I don't know how to deal with $\phi$ in the random walk process, especially given its 3 conditions.

EDIT: $y$ is the mean of all the previous $x$. For instance, suppose we are at time $t=3$ and observations start at $t=0$. Then, $y_3 = \frac{x_0 + x_1 + x_2}{3}$.

ϕ[x_, y_] := Piecewise[{
{α*x, x < y},
{x, x == y},
{α*x + (1 - α), x > y}}]
ϕ[x, y] • OP notes that $X\sim Beta$ ... which is a continuous random variable. It is not stated what $y$ is, but if $y$ is a constant, or $y$ is an independent random variable, then $P(X=y) = 0$. If so, you can ignore the case $X = y$, because it happens with zero probability. Aug 7, 2014 at 15:31
• Thanks for your comments. $y$ is the mean of all the previous $x$. For instance, suppose we are at time $t=3$ and observations start at $t=0$. Then, $y_3=\frac{x_0+x_1+x_2}{3}$.
– flo
Aug 7, 2014 at 18:05

With the function

f[a_, {x_, y_}] := Piecewise[{{a x, x < y}, {x, x == y}, {1 - a + a x, x > y}}, 0]

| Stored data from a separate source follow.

(* Let $p\ge 7$ be a prime. Then (i) $\displaystyle\sum_{k=1}^{p-1}\frac{H_{k-1}}{k^3}\equiv \sum_{k=1}^{p-1}\frac{H_k}{k^3}\equiv 0\pmod{p}$; (ii) $\displaystyle\sum_{k=1}^{p-1}\frac{H_k^3}{k}\equiv\frac{3}{2}\sum_{k=1}^{p-1}\frac{H_k^2}{k^2}\pmod{p}$; (iii) $\displaystyle\sum_{k=1}^{p-1}\frac{H_{k-1,3}}{k}\equiv \sum_{k=1}^{p-1}\frac{H_{k,3}}{k}\equiv 0\pmod{p}$; (iv) $\displaystyle\sum_{k=1}^{p-1}\frac{H_k}{k^2}\equiv \sum_{k=1}^{p-1}\frac{H_k^2}{k}\pmod{p^2}$.
   Context: For positive integers $n,m$, $H_{n,m}=\sum_{k=1}^n 1/k^m$ and $H_n=H_{n,1}$; $H_0=H_{0,m}=0$. Congruences modulo $p^e$ are taken in the ring of rationals with denominators not divisible by $p$ ($a\equiv b\pmod{p^e}$ means $(a-b)/p^e$ is a rational with denominator prime to $p$). *)

From HB Require Import structures.
From mathcomp Require Import all_boot all_order all_algebra.
Set Implicit Arguments. Unset Strict Implicit. Unset Printing Implicit Defensive.
Import Order.TTheory GRing.Theory Num.Theory.
Local Open Scope ring_scope.

Definition harm (n m : nat) : rat := \sum_(1 <= k < n.+1) 1 / (k%:R ^+ m).
Definition H (n : nat) : rat := harm n 1.

(* a == b (mod p^e) in Z_(p): (a - b)/p^e has denominator prime to p *)
Definition congr_mod (p e : nat) (a b : rat) : Prop :=
  ~~ (p%:Z %| denq ((a - b) / (p%:R ^+ e)))%Z.

(* A rational whose reduced denominator is prime to p ("p-integral") has a residue
   in 'F_p, and reduction is a ring homomorphism. We encode this by the relation
   [reduces_to x a] and prove it is closed under sums, products, powers, inverses of
   units and finite sums; two p-integral rationals with equal residues are congruent
   modulo p. Parts (i)-(iii) thereby become identities in 'F_p about the harmonic
   numbers [harmF m k] = H_{k,m} mod p, proved with three facts:
   - reflection k |-> p - k: H_{p-k,m} = H_{k-1,m} in 'F_p for odd m;
   - \sum_{0<k<p} k^{-4} = 0 in 'F_p for p > 5 (Faulhaber's formula for i^4);
   - hence for odd m, m' with m + m' = 4 the sum \sum H_{k,m}/k^{m'} equals its own
     opposite, which gives (i), (iii), and after expanding (H_k - 1/k)^3 also (ii).
   For (iv), the identity H_n^3 = 3 \sum H_k^2/k - 3 \sum H_k/k^2 + H_{n,3} reduces
   the claim to H_{p-1} = 0 (mod p) and H_{p-1,3} = 0 (mod p^2); both follow by pairing
   k with p - k in the rationals and reducing the paired sums modulo p. *)

From mathcomp Require Import all_boot all_order all_algebra.
From mathcomp Require Import zify ring.
Import GRing.Theory Num.Theory.
Set Implicit Arguments. Unset Strict Implicit. Unset Printing Implicit Defensive.
Local Open Scope ring_scope.

Lemma sum_reflect (R : nmodType) (n : nat) (F : nat -> R) :
  \sum_(1 <= k < n) F k = \sum_(1 <= k < n) F (n - k)%N.
Proof. by rewrite big_nat_rev; apply: eq_bigr => k _; congr F; lia. Qed.

Lemma sum_pair (R : nmodType) (n : nat) (F : nat -> R) :
  (\sum_(1 <= k < n) F k) *+ 2 = \sum_(1 <= k < n) (F k + F (n - k)%N).
Proof. by rewrite mulr2n {2}sum_reflect big_split. Qed.

Lemma exprN_odd (R : pzRingType) (x : R) (m : nat) : odd m -> (- x) ^+ m = - x ^+ m.
Proof. by move=> om; rewrite exprNn -signr_odd om mulN1r. Qed.

Lemma sum_pow4 (R : comPzRingType) (n : nat) :
  30%:R * \sum_(i < n) (i%:R : R) ^+ 4 =
  n%:R * (n%:R - 1) * (2%:R * n%:R - 1) * (3%:R * n%:R ^+ 2 - 3%:R * n%:R - 1).
Proof.
elim: n => [|n IH]; first by rewrite big_ord0 mulr0 !mul0r.
by rewrite big_ord_recr /= mulrDr IH -addn1 natrD; ring.
Qed.

Lemma harm_cube (n : nat) : H n ^+ 3 =
  3%:R * \sum_(1 <= k < n.+1) H k ^+ 2 / k%:R
  - 3%:R * \sum_(1 <= k < n.+1) H k / k%:R ^+ 2 + harm n 3.
Proof.
elim: n => [|n IH]; first by rewrite /H /harm !big_geq // expr0n mulr0 subrr addr0.
have H_step : H n.+1 = H n + n.+1%:R^-1 by rewrite /H /harm big_nat_recr //= expr1 div1r.
have H3_step : harm n.+1 3 = harm n 3 + (n.+1%:R ^+ 3)^-1.
  by rewrite /harm big_nat_recr //= div1r.
have n1 : (1 + n%:R : rat) != 0 by rewrite addrC natr1 pnatr_eq0.
rewrite (big_nat_recr n.+1) // (big_nat_recr n.+1) //= H3_step H_step.
rewrite (_ : harm n 3 = H n ^+ 3 - 3%:R * \sum_(1 <= k < n.+1) H k ^+ 2 / k%:R
  + 3%:R * \sum_(1 <= k < n.+1) H k / k%:R ^+ 2); first by field.
by rewrite IH; ring.
Qed.

Lemma harm_pair (n m : nat) (G : nat -> rat) : (0 < n)%N ->
  (forall k, (0 < k < n)%N -> 1 / k%:R ^+ m + 1 / (n - k)%:R ^+ m = n%:R * G k) ->
  2%:R * harm n.-1 m = n%:R * \sum_(1 <= k < n) G k.
Proof.
move=> n0 pairG; rewrite /harm prednK // mulr_natl sum_pair mulr_sumr.
exact: eq_big_nat.
Qed.

Definition pair_inv (n k : nat) : rat := ((k * (n - k))%:R)^-1.

Lemma harm1_pair (n : nat) : (0 < n)%N ->
  2%:R * harm n.-1 1 = n%:R * \sum_(1 <= k < n) pair_inv n k.
Proof.
move=> n0; apply: harm_pair => // k /andP [k0 kn].
have kQ : (k%:R : rat) != 0 by rewrite pnatr_eq0 -lt0n.
have nkQ : ((n - k)%:R : rat) != 0 by rewrite pnatr_eq0 subn_eq0 -ltnNge.
rewrite /pair_inv natrM; move: nkQ; rewrite natrB ?(ltnW kn) // => nkQ.
by field; rewrite kQ nkQ.
Qed.

(* 1/k^3 + 1/(n-k)^3 = n (n^2 - 3 k (n-k)) / (k (n-k))^3. *)
Lemma harm3_pair (n : nat) : (0 < n)%N ->
  2%:R * harm n.-1 3 =
  n%:R * \sum_(1 <= k < n) (n%:R ^+ 2 * pair_inv n k ^+ 3 - 3%:R * pair_inv n k ^+ 2).
Proof.
move=> n0; apply: harm_pair => // k /andP [k0 kn].
have kQ : (k%:R : rat) != 0 by rewrite pnatr_eq0 -lt0n.
have nkQ : ((n - k)%:R : rat) != 0 by rewrite pnatr_eq0 subn_eq0 -ltnNge.
rewrite /pair_inv natrM; move: nkQ; rewrite natrB ?(ltnW kn) // => nkQ.
by field; rewrite kQ nkQ.
Qed.

Section ModP.
Variable p : nat.
Hypothesis p_prime : prime p.

Definition p_integral (x : rat) : bool := ~~ (p%:Z %| denq x)%Z.

(* The reduction modulo p of x, meaningful when x is p-integral. *)
Definition red (x : rat) : 'F_p := (numq x)%:~R / (denq x)%:~R.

you can define a new function, that will perform a single simulation

sim[a_Real, n_Integer] :=
Module[{data = Partition[Riffle[#, Accumulate[#]/Range[n]], 2] &@ RandomVariate[BetaDistribution[3, 1], n]},
f[a, #] & /@ data
]


where the first argument is the value of alpha and the second argument is length of the random walk.
Than 5 random walks of length 100 with alpha = 0.5 can be plotted using

ListPlot[Table[sim[0.5, 100], {n, 5}], PlotRange -> All, Joined -> True, Frame -> True] • Thanks a lot @Karsten! It's starting to make a lot of sense. I just need to work on $y$, since we should observe a convergence towards the mean of x, $E(x) = 0.75$.
– flo
Aug 7, 2014 at 18:51

Here is an approach using MovingMap and f from Karsten 7:

f[a_, {x_, y_}] :=
Piecewise[{{a x, x < y}, {x, x == y}, {1 - a + a x, x > y}}, 0]
s[lst_] := MovingMap[f[0.5, {#[], Mean[#[[1 ;; 3]]]}] &, lst, 3]


Visualizing:

ListPlot[s /@ RandomVariate[BetaDistribution[3, 1], {5, 100}],
Joined -> True, Frame -> True]